_Exercise aim:_
Look through the records below for the line with "(* hypotheses *)" and the line with "(huv : forall", then return those lines and all lines between, exactly.

_Collected data:_
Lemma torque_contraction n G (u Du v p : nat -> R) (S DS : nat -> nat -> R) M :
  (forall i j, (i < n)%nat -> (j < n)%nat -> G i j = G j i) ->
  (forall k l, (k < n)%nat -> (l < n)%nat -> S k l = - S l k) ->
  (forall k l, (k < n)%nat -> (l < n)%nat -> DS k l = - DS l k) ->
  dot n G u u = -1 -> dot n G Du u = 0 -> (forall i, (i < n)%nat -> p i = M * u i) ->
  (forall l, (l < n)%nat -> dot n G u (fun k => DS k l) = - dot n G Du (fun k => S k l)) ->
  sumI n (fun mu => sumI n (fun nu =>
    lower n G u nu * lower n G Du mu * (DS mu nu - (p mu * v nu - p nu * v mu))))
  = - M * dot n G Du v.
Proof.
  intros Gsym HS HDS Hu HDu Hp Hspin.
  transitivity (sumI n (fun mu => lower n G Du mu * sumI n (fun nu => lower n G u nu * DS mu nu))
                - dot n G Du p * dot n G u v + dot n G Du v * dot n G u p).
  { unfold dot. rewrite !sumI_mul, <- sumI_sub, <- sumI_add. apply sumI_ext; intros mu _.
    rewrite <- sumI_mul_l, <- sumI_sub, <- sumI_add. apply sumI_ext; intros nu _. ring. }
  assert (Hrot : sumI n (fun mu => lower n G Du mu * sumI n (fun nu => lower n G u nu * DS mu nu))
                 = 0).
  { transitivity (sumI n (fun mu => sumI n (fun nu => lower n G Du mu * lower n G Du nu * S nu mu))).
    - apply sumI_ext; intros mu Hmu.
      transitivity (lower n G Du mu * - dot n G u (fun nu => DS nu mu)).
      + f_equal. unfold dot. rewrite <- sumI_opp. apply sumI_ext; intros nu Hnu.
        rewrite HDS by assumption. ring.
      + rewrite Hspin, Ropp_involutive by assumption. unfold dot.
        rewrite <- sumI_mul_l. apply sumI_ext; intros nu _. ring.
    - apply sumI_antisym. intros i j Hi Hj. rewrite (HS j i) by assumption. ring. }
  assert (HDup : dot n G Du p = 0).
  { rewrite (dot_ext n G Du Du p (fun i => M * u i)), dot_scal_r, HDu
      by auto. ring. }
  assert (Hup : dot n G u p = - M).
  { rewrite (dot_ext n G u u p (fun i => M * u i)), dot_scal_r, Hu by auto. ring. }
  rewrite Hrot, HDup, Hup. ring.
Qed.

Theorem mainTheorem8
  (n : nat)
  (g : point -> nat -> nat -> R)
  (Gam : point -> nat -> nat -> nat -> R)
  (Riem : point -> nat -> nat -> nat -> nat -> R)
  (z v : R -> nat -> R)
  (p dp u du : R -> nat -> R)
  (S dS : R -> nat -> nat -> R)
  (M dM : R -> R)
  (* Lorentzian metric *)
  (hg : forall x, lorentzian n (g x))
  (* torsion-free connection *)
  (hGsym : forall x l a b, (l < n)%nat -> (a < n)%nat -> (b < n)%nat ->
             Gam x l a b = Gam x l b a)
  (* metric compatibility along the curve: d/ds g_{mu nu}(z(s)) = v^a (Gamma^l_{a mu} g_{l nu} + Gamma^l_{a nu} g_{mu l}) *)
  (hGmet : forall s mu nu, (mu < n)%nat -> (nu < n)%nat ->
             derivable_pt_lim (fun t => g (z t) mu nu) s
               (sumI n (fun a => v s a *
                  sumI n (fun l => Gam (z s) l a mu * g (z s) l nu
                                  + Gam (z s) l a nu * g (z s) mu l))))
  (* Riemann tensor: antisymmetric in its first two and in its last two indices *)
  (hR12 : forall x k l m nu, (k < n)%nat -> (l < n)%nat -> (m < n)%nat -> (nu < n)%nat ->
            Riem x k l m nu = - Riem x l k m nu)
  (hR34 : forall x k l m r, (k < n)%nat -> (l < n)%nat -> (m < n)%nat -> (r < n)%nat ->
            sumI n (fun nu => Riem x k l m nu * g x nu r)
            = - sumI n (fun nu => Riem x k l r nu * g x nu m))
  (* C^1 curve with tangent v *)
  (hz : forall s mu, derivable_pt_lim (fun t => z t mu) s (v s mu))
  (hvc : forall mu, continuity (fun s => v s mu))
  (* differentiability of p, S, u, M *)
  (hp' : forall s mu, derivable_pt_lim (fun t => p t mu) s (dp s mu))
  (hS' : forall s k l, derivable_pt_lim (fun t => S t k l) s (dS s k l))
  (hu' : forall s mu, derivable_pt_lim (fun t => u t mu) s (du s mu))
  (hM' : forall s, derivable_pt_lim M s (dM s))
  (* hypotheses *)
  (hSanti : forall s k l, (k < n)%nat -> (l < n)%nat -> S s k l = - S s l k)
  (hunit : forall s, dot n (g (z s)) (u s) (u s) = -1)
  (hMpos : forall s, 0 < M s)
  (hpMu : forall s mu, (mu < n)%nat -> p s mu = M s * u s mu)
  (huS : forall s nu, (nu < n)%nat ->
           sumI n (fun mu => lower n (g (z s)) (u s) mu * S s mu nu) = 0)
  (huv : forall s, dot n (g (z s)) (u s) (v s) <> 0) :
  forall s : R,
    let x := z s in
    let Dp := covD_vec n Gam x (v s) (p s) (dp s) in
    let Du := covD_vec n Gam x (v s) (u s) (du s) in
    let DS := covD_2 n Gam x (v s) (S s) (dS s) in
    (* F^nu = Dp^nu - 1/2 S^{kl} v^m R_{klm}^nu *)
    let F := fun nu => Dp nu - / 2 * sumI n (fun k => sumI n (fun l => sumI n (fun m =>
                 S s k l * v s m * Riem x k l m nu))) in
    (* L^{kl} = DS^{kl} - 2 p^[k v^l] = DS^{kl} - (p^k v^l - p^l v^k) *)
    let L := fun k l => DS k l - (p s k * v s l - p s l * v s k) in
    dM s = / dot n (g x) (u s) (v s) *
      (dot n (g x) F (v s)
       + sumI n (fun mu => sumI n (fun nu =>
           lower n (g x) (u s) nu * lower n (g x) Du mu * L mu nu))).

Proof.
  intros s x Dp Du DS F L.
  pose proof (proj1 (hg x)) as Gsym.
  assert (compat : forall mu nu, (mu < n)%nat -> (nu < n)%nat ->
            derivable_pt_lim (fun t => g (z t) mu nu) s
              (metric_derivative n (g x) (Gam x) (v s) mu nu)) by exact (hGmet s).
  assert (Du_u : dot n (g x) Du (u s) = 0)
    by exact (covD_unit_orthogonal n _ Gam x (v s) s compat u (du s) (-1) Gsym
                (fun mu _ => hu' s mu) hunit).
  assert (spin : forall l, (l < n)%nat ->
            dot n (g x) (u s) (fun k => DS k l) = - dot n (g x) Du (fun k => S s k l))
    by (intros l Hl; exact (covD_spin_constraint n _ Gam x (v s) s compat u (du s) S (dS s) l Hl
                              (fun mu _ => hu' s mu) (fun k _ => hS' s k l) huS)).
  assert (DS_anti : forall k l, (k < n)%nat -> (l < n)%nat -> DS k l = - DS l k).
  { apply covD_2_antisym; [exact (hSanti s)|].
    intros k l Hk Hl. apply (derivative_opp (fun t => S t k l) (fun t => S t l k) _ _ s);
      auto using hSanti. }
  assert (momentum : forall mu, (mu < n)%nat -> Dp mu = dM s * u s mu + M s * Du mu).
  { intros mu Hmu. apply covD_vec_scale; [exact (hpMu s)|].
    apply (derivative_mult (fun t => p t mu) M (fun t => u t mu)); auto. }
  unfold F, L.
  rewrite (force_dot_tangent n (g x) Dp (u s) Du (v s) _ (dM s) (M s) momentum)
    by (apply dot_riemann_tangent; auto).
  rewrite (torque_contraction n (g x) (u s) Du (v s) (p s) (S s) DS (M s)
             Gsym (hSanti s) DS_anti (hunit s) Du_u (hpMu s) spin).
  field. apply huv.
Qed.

_Task result:_
  (* hypotheses *)
  (hSanti : forall s k l, (k < n)%nat -> (l < n)%nat -> S s k l = - S s l k)
  (hunit : forall s, dot n (g (z s)) (u s) (u s) = -1)
  (hMpos : forall s, 0 < M s)
  (hpMu : forall s mu, (mu < n)%nat -> p s mu = M s * u s mu)
  (huS : forall s nu, (nu < n)%nat ->
           sumI n (fun mu => lower n (g (z s)) (u s) mu * S s mu nu) = 0)
  (huv : forall s, dot n (g (z s)) (u s) (v s) <> 0) :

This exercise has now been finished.